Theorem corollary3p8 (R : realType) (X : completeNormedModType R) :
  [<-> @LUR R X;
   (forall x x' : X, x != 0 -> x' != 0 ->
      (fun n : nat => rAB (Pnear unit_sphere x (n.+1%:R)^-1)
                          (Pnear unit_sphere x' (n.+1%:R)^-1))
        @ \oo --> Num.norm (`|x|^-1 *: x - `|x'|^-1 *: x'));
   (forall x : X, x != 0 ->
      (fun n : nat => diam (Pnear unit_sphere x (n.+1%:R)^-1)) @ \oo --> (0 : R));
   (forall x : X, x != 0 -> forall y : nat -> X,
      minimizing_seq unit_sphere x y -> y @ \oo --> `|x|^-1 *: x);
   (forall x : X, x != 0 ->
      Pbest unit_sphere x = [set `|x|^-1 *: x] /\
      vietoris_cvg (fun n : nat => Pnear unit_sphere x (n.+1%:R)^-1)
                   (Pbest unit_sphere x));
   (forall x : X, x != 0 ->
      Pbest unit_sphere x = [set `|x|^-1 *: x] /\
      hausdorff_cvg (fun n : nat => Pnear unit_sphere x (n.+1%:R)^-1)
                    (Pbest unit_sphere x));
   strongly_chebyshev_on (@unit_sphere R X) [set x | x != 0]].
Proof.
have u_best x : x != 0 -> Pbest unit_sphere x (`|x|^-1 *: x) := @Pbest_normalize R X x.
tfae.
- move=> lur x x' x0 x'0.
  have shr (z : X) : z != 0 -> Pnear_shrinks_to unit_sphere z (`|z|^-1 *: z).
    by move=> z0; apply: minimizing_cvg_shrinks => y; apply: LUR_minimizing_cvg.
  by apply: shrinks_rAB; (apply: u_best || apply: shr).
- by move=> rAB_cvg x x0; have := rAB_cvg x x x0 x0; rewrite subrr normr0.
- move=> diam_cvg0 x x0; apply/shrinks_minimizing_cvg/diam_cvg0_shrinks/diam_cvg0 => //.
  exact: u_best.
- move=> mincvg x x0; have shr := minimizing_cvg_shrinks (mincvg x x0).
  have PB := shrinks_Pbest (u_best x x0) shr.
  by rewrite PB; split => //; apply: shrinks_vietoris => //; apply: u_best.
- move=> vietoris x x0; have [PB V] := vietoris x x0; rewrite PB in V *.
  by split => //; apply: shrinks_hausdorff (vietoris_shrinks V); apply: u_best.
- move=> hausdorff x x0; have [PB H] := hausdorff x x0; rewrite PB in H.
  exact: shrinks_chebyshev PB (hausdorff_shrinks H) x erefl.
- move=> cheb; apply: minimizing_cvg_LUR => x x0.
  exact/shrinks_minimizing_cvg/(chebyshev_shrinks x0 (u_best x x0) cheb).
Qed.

======

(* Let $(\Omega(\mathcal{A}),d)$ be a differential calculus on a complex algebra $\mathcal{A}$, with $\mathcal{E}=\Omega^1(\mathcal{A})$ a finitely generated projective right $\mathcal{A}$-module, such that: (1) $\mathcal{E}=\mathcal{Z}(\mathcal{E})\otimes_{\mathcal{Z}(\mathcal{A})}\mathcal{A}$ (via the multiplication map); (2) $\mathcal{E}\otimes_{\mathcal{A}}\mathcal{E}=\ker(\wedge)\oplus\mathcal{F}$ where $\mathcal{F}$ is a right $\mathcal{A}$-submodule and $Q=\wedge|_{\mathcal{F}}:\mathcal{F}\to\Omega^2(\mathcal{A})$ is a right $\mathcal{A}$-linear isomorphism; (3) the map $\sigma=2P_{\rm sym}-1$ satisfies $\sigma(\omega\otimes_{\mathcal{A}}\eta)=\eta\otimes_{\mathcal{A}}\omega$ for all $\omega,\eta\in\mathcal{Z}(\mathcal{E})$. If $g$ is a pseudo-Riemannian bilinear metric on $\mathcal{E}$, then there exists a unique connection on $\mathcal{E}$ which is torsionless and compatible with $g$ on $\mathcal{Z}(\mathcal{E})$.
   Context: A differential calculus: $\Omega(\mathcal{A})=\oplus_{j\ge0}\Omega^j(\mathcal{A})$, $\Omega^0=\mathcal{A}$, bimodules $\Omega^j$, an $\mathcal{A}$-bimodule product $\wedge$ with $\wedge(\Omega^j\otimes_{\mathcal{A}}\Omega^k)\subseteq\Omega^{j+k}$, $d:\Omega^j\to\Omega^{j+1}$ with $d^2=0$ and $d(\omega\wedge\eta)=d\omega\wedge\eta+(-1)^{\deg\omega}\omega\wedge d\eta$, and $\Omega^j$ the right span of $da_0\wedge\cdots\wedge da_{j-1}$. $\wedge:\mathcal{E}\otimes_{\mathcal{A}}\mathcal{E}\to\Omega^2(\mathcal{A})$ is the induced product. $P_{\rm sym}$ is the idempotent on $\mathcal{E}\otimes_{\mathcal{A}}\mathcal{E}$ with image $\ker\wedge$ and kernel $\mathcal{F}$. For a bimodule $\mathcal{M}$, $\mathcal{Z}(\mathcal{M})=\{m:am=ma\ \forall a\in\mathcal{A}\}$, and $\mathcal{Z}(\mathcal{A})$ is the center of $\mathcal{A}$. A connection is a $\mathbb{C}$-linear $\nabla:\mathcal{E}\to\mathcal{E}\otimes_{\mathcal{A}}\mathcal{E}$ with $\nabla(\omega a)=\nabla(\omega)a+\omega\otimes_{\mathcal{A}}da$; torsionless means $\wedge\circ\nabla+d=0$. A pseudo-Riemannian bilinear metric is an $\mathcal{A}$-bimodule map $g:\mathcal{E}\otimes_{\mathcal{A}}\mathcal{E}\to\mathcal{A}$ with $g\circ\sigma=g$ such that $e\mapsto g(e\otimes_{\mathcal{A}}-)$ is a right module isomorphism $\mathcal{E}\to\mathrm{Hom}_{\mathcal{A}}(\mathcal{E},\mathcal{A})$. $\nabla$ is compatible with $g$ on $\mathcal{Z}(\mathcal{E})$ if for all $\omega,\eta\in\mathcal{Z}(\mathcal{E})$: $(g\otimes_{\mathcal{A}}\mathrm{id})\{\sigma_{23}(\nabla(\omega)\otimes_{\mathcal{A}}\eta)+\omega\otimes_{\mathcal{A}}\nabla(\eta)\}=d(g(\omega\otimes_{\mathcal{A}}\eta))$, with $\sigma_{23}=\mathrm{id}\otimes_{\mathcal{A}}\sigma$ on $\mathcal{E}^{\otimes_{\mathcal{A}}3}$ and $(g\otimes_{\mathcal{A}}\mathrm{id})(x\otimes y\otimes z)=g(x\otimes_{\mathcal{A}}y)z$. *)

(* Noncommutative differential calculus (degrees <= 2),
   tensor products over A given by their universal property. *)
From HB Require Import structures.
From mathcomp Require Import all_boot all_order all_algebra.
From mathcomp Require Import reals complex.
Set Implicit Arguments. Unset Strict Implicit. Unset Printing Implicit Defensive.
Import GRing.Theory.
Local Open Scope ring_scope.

======

**EXERCISE:** Within the material above, report how many lines carry the word "move", and nothing else.

**EXERCISE OUTPUT:** 8